Chuang Tzu was one day fishing in the Pu river when the King of Chu despatched two senior officials to visit him with a message. The message said, ‘I would like to trouble you to administer my lands.’
Chuang Tzu kept a firm grip on his fishing rod and said, ‘I hear that in Chu there is a sacred tortoise67 which died three thousand years ago. The King keeps this in his ancestral temple, wrapped and enclosed. Tell me, would this tortoise have wanted to die and leave his shell to be venerated? Or would he rather have lived and continued to crawl about in the mud?’
The two senior officials said, ‘It would rather have lived and continued to crawl about in the mud.’
Chuang Tzu said, ‘Shove off, then! I will continue to crawl about in the mud!’
Hui Tzu was made Minister of State in Liang and Chuang Tzu went to see him. Someone told Hui Tzu, ‘Chuang Tzu is coming, because he wants to oust you from your office.’ This alarmed Hui Tzu and he scoured the kingdom for three days and nights trying to find this stranger.

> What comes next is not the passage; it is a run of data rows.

(* Let $X$ be a real Banach space, $I=\{1,\ldots,m\}$, $J=\{1,\ldots,l\}$, $f_i,g_j\colon X\to\mathbb{R}$, $M=\{x\in X\mid f_i(x)=0\ \forall i\in I,\ g_j(x)\le0\ \forall j\in J\}$, $\overline{x}\in M$, and $J(\overline{x})=\{j\in J\mid g_j(\overline{x})=0\}$. Let the functions $f_i$, $i\in I$, and $g_j$, $j\in J(\overline{x})$, be quasidifferentiable at $\overline{x}$ with given quasidifferentials, and let $x_i^*\in\underline{\partial} f_i(\overline{x})$, $y_i^*\in\overline{\partial} f_i(\overline{x})$, $i\in I$, and $z_j^*\in\overline{\partial} g_j(\overline{x})$, $j\in J(\overline{x})$, be given. Put $C_i=(\underline{\partial} f_i(\overline{x})+y_i^* )\cup(-x_i^*-\overline{\partial} f_i(\overline{x}))$, $i\in I$. Then the following three conditions (1) for any $i\in I$ there exists $v_i\in X$ such that $s(\underline{\partial} f_i(\overline{x})+y_i^*,v_i)<0$ and for any $k\ne i$, $s(\underline{\partial} f_k(\overline{x})+y_k^*,v_i)\le 0$ and $s(-x_k^*-\overline{\partial} f_k(\overline{x}),v_i)\le0$; (2) for any $i\in I$ there exists $w_i\in X$ such that $s(-x_i^*-\overline{\partial} f_i(\overline{x}),w_i)<0$ and for any $k\ne i$, $s(-x_k^*-\overline{\partial} f_k(\overline{x}),w_i)\le0$ and $s(\underline{\partial} f_k(\overline{x})+y_k^*,w_i)\le0$; (3) there exists $v_0\in X$ with $s(\underline{\partial} g_j(\overline{x})+z_j^*,v_0)<0$ for all $j\in J(\overline{x})$ and $s(\underline{\partial} f_i(\overline{x})+y_i^*,v_0)\le0$, $s(-x_i^*-\overline{\partial} f_i(\overline{x}),v_0)\le0$ for all $i\in I$; are all satisfied if and only if $$C_i\cap\operatorname{cl}^*\operatorname{cone}\{-C_k\mid k\ne i\}=\emptyset\quad\forall i\in I$$ and $$\operatorname{co}\{\underline{\partial} g_j(\overline{x})+z_j^*\mid j\in J(\overline{x})\}\cap\operatorname{cl}^*\operatorname{cone}\{-C_i\mid i\in I\}=\emptyset.$$
   Context: $X^*$ is the dual of $X$ with pairing $\langle\cdot,\cdot\rangle$; $\operatorname{cl}^*$ is closure in the weak$^*$ topology. A function $f$ is quasidifferentiable at $x$ if the directional derivative $f'(x,v)=\lim_{\alpha\to+0}(f(x+\alpha v)-f(x))/\alpha$ exists and is finite for all $v$ and there is a pair $[\underline{\partial} f(x),\overline{\partial} f(x)]$ of convex weak$^*$ compact subsets of $X^*$ with $f'(x,v)=\max_{x^*\in\underline{\partial} f(x)}\langle x^*,v\rangle+\min_{y^*\in\overline{\partial} f(x)}\langle y^*,v\rangle$ for all $v$; a specific such pair is fixed for each function. $s(C,v)=\sup_{x^*\in C}\langle x^*,v\rangle$. For $A$ a subset of a real vector space, $\operatorname{cone}A$ is the set of all finite combinations $\sum\lambda_ix_i$ with $x_i\in A$, $\lambda_i\ge0$; for a family of sets, $\operatorname{cone}\{A_k\}$ means the cone of their union; $\operatorname{co}$ denotes convex hull (of the union of the listed sets). *)

From HB Require Import structures.
From mathcomp Require Import all_boot all_order all_algebra.
From mathcomp Require Import all_classical all_reals all_analysis.
Set Implicit Arguments. Unset Strict Implicit. Unset Printing Implicit Defensive.
Import Order.TTheory GRing.Theory Num.Theory.
Import numFieldNormedType.Exports.
Local Open Scope classical_set_scope.
Local Open Scope ring_scope.

Section QD.
Variables (R : realType) (X : normedModType R).

Definition in_dual (phi : X -> R) : Prop :=
  (forall (a : R) (x y : X), phi (a *: x + y) = a * phi x + phi y) /\
  continuous phi.

(* the weak^* topology on X^* is the subspace topology induced by the
   topology of pointwise convergence {ptws X -> R} *)
Definition wstar_closure (A : set (X -> R)) : set (X -> R) :=
  [set phi | in_dual phi /\ closure (A : set {ptws X -> R}) phi].

Definition wstar_compact (A : set (X -> R)) : Prop :=
  A `<=` in_dual /\ compact (A : set {ptws X -> R}).

Definition convex_set (A : set (X -> R)) : Prop :=
  forall phi psi (t : R), 0 <= t <= 1 -> A phi -> A psi ->
    A (fun x => t * phi x + (1 - t) * psi x).

Definition supp (C : set (X -> R)) (v : X) : R := sup [set phi v | phi in C].

Definition shift_set (C : set (X -> R)) (y : X -> R) : set (X -> R) :=
  [set psi | exists2 phi, C phi & psi = (fun x => phi x + y x)].

Definition negshift_set (x0 : X -> R) (D : set (X -> R)) : set (X -> R) :=
  [set psi | exists2 phi, D phi & psi = (fun x => - x0 x - phi x)].

Definition opp_set (C : set (X -> R)) : set (X -> R) :=
  [set psi | C (fun x => - psi x)].

Definition cone (A : set (X -> R)) : set (X -> R) :=
  [set psi | exists (n : nat) (c : 'I_n -> R) (a : 'I_n -> X -> R),
     [/\ forall k, 0 <= c k, forall k, A (a k) &
         psi = (fun x => \sum_(k < n) c k * a k x)]].

Definition co (A : set (X -> R)) : set (X -> R) :=
  [set psi | exists (n : nat) (c : 'I_n -> R) (a : 'I_n -> X -> R),
     [/\ forall k, 0 <= c k, \sum_(k < n) c k = 1, forall k, A (a k) &
         psi = (fun x => \sum_(k < n) c k * a k x)]].

Definition quasidiff (f : X -> R) (x : X) (Dl Du : set (X -> R)) : Prop :=
  [/\ Dl !=set0, Du !=set0, convex_set Dl /\ wstar_compact Dl,
      convex_set Du /\ wstar_compact Du &
      forall v : X,
        (fun a : R => (f (x + a *: v) - f x) / a) @ 0^'+ -->
          (sup [set phi v | phi in Dl] + inf [set psi v | psi in Du])].

End QD.

From Pilot Require Import Defs.
From HB Require Import structures.
From mathcomp Require Import all_boot all_order all_algebra.
From mathcomp Require Import all_classical all_reals all_analysis.
From mathcomp Require Import ring lra.
Import Order.TTheory GRing.Theory Num.Theory.
Import numFieldNormedType.Exports.
Local Open Scope classical_set_scope.
Local Open Scope ring_scope.

Set Implicit Arguments. Unset Strict Implicit. Unset Printing Implicit Defensive.

(* Each condition on the left asks for a direction v in which a nonempty convex
   weak*-compact set D of functionals (one half of some C_i, or the convex hull of the
   shifted active quasidifferentials of the g_j) is strictly negative while the
   generators -C_k of a cone are nonnegative; the matching condition on the right says
   that D misses the weak*-closure of that cone. Such a v obviously keeps D away from the
   closure. Conversely, compactness of D yields finitely many points x_1, ..., x_N and
   eps > 0 such that D and the cone stay eps apart in the l1-distance of the values at
   these points, and a Hahn-Banach argument in R^N produces coefficients y for which
   v = \sum_t y_t x_t works. *)


Definition catf T n1 n2 (f1 : 'I_n1 -> T) (f2 : 'I_n2 -> T) : 'I_(n1 + n2) -> T :=
  fun k => match fintype.split k with inl i => f1 i | inr j => f2 j end.

Lemma catf_lshift T n1 n2 (f1 : 'I_n1 -> T) (f2 : 'I_n2 -> T) i :
  catf f1 f2 (lshift n2 i) = f1 i.
Proof. by rewrite /catf (unsplitK (inl _ i)). Qed.

Lemma catf_rshift T n1 n2 (f1 : 'I_n1 -> T) (f2 : 'I_n2 -> T) i :
  catf f1 f2 (rshift n1 i) = f2 i.
Proof. by rewrite /catf (unsplitK (inr _ i)). Qed.

Lemma catfP T n1 n2 (f1 : 'I_n1 -> T) (f2 : 'I_n2 -> T) (P : T -> Prop) :
  (forall i, P (f1 i)) -> (forall i, P (f2 i)) -> forall k, P (catf f1 f2 k).
Proof. by move=> h1 h2 k; rewrite /catf; case: (fintype.split k). Qed.

Section DualAlgebra.
Variables (R : realType) (X : normedModType R).
Implicit Types (phi psi : X -> R) (A : set (X -> R)).

Lemma in_dual_lc (a b : R) phi psi :
  in_dual phi -> in_dual psi -> in_dual (fun x => a * phi x + b * psi x).
Proof.
move=> [lphi cphi] [lpsi cpsi]; split=> [s x y|x]; first by rewrite lphi lpsi; ring.
have cphi' : {for x, continuous (fun y => a * phi y)}.
  by apply: continuousM; [exact: cst_continuous|exact: cphi].
have cpsi' : {for x, continuous (fun y => b * psi y)}.
  by apply: continuousM; [exact: cst_continuous|exact: cpsi].
exact: continuousD cphi' cpsi'.
Qed.

Lemma in_dual_sum n (c : 'I_n -> R) (phi : 'I_n -> X -> R) :
  (forall k, in_dual (phi k)) -> in_dual (fun x => \sum_k c k * phi k x).
Proof.
move=> dphi; rewrite -(fct_sumE _ _ (fun k x => c k * phi k x)).
apply: (big_ind (@in_dual R X)) => [|psi1 psi2 d1 d2|k _].
- by split=> [s x y|x]; [rewrite /= mulr0 addr0|exact: cst_continuous].
- by have := in_dual_lc 1 1 d1 d2; under eq_fun do rewrite !mul1r.
- by have := in_dual_lc (c k) 0 (dphi k) (dphi k); under eq_fun do rewrite mul0r addr0.
Qed.

Lemma dualf0 phi : in_dual phi -> phi 0 = 0.
Proof. by case=> lphi _; have := lphi 1 0 0; rewrite scale1r addr0 mul1r; lra. Qed.

Lemma dualf_sum phi n (c : 'I_n -> R) (x : 'I_n -> X) :
  in_dual phi -> phi (\sum_k c k *: x k) = \sum_k c k * phi (x k).
Proof.
move=> dphi; elim/big_rec2: _ => [|k v w _ <-]; first exact: dualf0.
by case: dphi => -> _.
Qed.

Lemma opp_set_in_dual A : A `<=` @in_dual R X -> opp_set A `<=` @in_dual R X.
Proof.
move=> dA psi /dA dpsi; have := in_dual_lc (-1) 0 dpsi dpsi.
by under eq_fun do rewrite mulN1r opprK mul0r addr0.
Qed.

Lemma cone0 A : cone A (fun _ => 0).
Proof.
exists 0%N, (fun _ => 0), (fun _ _ => 0); split=> [[]|[]|] //.
by apply/funext => x; rewrite big_ord0.
Qed.

Lemma cone_sub A : A `<=` cone A.
Proof.
move=> phi Aphi; exists 1%N, (fun _ => 1), (fun _ => phi); split=> //.
by apply/funext => x; rewrite big_ord1 mul1r.
Qed.

Lemma cone_add A phi psi : cone A phi -> cone A psi -> cone A (fun x => phi x + psi x).
Proof.
move=> [n1 [c1 [a1 [c1p a1A ->]]]] [n2 [c2 [a2 [c2p a2A ->]]]].
exists (n1 + n2)%N, (catf c1 c2), (catf a1 a2); split.
- exact: (catfP (P := fun r => 0 <= r)).
- exact: (catfP (P := A)).
- apply/funext => x; rewrite big_split_ord /=.
  by congr (_ + _); apply: eq_bigr => k _; rewrite ?catf_lshift ?catf_rshift.
Qed.

Lemma cone_scale A (s : R) phi : 0 <= s -> cone A phi -> cone A (fun x => s * phi x).
Proof.
move=> s0 [n [c [a [c0 aA ->]]]]; exists n, (fun k => s * c k), a; split=> //.
  by move=> k; exact: mulr_ge0.
by apply/funext => x; rewrite mulr_sumr; apply: eq_bigr => k _; rewrite mulrA.
Qed.

Lemma cone_ge0 A (v : X) phi : (forall psi, A psi -> 0 <= psi v) -> cone A phi -> 0 <= phi v.
Proof.
move=> A0 [n [c [a [c0 aA ->]]]]; apply: sumr_ge0 => k _.
by apply: mulr_ge0 => //; exact: A0.
Qed.

End DualAlgebra.

Section SublinearMinorant.
Variables (R : realType) (V : lmodType R) (p : V -> R).
Hypothesis p_subadd : forall u w, p (u + w) <= p u + p w.
Hypothesis p_scale : forall (s : R) u, 0 < s -> s * p u <= p (s *: u).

Chuang Tzu went to see him and said, ‘In the south there is a bird known as the Young Phoenix, do you know about this, Sir? This bird, it arises in the Southern Ocean and flies to the Northern Ocean and it never rests on anything except the begonia tree, never eats except the fruit of the melia azederach and never drinks except from springs of sweet water. There was once an owl who had clutched in his talons a rotting rat corpse. As the Young Phoenix flew overhead the owl looked up and said, “Shoo!” Now you, Sir, you have the state of Liang and you feel you have to shoo me away?’
Chuang Tzu and Hui Tzu were walking beside the weir on the River Hao, when Chuang Tzu said, ‘Do you see how the fish are coming to the surface and swimming around as they please? That’s what fish really enjoy.’
‘You’re not a fish,’ replied Hui Tzu, ‘so how can you say you know what fish enjoy?’
Chuang Tzu said: ‘You are not me, so how can you know I don’t know what fish enjoy?’
Hui Tzu said: ‘I am not you, so I definitely don’t know what it is you know. However, you are most definitely not a fish and that proves that you don’t know what fish really enjoy.’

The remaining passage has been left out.